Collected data
[Start of Attachment]
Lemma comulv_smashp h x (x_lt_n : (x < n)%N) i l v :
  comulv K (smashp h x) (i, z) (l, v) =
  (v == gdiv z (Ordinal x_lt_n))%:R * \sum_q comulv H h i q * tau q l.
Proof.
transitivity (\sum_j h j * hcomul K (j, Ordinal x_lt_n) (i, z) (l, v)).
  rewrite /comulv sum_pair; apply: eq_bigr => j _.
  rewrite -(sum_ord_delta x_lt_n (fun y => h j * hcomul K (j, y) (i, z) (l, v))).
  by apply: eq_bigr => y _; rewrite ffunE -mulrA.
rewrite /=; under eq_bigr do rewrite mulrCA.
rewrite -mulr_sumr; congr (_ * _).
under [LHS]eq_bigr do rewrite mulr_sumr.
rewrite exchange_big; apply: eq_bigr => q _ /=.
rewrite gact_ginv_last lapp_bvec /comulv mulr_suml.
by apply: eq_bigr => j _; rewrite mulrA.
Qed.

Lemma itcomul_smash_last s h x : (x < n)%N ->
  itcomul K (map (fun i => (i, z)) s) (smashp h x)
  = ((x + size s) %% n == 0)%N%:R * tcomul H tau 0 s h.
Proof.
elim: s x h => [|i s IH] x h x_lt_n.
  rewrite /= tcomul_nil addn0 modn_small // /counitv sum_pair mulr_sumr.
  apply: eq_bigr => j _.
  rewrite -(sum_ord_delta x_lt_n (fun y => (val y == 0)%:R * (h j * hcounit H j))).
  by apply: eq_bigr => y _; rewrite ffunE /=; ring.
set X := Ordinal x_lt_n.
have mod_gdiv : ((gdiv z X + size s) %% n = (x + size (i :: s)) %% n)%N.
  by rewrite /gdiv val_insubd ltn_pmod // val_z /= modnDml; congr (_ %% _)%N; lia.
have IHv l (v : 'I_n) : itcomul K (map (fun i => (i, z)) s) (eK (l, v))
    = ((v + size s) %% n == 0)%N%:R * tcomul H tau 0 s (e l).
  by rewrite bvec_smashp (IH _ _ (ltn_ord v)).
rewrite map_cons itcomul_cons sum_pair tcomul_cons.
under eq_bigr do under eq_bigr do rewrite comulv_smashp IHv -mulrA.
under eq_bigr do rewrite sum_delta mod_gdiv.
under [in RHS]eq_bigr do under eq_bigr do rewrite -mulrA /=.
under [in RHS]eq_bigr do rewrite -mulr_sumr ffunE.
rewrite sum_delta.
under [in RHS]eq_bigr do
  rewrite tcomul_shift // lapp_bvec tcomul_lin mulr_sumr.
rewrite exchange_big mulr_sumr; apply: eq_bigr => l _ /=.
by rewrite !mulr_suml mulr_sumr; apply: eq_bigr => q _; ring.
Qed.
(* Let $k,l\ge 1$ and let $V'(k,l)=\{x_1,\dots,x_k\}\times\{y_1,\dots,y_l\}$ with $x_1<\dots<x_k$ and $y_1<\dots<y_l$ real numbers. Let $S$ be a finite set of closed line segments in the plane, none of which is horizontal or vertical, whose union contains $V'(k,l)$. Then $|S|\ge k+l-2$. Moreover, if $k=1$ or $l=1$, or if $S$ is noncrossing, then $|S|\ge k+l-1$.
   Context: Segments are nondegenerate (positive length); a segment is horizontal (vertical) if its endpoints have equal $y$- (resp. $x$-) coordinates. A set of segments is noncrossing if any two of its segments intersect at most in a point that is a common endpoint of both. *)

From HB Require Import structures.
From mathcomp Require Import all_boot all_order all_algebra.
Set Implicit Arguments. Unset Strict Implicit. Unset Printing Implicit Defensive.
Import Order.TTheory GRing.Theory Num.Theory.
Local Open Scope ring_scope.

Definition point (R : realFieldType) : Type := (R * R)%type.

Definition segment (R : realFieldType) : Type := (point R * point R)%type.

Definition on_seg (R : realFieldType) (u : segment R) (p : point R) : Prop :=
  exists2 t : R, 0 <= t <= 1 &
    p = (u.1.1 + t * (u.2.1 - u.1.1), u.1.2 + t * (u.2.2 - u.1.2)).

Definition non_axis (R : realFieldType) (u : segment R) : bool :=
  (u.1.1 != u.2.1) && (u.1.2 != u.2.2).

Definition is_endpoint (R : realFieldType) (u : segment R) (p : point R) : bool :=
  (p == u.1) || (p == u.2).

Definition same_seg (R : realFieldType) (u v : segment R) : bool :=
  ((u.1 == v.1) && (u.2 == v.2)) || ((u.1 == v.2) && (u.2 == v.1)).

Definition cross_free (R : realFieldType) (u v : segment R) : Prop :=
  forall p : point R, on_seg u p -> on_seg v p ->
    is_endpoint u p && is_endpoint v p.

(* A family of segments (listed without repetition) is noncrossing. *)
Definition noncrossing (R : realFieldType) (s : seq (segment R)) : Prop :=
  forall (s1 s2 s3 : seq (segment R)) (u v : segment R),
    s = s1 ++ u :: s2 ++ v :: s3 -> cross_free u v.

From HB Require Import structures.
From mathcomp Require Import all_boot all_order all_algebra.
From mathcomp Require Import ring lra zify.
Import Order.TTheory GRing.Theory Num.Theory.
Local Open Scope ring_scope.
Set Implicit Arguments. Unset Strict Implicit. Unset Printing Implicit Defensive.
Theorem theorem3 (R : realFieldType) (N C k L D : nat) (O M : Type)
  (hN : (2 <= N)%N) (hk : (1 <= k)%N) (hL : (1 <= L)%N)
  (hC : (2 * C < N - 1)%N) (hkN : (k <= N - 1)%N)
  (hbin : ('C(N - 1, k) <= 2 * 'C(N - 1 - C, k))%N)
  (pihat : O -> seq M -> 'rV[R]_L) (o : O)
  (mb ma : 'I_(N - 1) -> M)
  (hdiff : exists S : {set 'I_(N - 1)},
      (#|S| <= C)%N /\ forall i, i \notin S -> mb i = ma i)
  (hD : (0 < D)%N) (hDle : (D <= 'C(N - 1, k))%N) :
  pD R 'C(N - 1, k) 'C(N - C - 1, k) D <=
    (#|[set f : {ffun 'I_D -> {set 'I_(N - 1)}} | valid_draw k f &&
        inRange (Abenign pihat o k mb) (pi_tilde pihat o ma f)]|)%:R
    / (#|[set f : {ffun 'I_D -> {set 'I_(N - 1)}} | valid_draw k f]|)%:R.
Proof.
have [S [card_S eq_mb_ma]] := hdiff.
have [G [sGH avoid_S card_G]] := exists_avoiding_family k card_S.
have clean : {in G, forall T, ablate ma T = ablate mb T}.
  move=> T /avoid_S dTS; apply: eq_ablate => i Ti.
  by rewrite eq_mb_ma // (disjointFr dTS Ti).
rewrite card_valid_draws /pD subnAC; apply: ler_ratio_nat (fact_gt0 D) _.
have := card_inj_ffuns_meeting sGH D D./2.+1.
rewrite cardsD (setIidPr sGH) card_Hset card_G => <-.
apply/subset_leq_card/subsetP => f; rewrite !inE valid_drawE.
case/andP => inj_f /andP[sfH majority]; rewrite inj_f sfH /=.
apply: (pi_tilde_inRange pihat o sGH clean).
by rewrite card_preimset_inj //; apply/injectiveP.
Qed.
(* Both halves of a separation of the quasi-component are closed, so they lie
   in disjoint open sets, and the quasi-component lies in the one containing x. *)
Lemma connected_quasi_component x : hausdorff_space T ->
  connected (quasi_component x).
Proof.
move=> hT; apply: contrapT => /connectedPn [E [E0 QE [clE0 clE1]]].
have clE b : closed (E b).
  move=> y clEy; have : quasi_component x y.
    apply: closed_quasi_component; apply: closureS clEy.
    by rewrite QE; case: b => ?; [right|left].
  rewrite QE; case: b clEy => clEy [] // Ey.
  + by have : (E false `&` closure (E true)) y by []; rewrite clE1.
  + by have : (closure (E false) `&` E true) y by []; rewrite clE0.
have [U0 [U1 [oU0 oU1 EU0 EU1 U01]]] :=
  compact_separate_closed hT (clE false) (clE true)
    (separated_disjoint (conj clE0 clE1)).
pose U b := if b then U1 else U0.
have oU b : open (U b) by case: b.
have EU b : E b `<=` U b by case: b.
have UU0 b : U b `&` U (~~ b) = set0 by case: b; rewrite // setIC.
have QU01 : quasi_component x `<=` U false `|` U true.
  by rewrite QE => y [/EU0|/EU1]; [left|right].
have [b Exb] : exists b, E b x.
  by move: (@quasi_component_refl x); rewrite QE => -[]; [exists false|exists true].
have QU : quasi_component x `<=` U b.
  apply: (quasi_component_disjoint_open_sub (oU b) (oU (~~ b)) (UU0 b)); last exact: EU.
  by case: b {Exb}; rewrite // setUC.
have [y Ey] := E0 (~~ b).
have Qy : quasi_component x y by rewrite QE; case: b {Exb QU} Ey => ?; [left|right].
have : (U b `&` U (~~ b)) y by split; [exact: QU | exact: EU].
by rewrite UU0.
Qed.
[End of Attachment]
*What you will do:* Copy only the stretch running from the line containing "compact_separate_closed hT (clE" to the final line of the entries, both ends included, exactly as it stands.

*Answer to the problem:*
  compact_separate_closed hT (clE false) (clE true)
    (separated_disjoint (conj clE0 clE1)).
pose U b := if b then U1 else U0.
have oU b : open (U b) by case: b.
have EU b : E b `<=` U b by case: b.
have UU0 b : U b `&` U (~~ b) = set0 by case: b; rewrite // setIC.
have QU01 : quasi_component x `<=` U false `|` U true.
  by rewrite QE => y [/EU0|/EU1]; [left|right].
have [b Exb] : exists b, E b x.
  by move: (@quasi_component_refl x); rewrite QE => -[]; [exists false|exists true].
have QU : quasi_component x `<=` U b.
  apply: (quasi_component_disjoint_open_sub (oU b) (oU (~~ b)) (UU0 b)); last exact: EU.
  by case: b {Exb}; rewrite // setUC.
have [y Ey] := E0 (~~ b).
have Qy : quasi_component x y by rewrite QE; case: b {Exb QU} Ey => ?; [left|right].
have : (U b `&` U (~~ b)) y by split; [exact: QU | exact: EU].
by rewrite UU0.
Qed.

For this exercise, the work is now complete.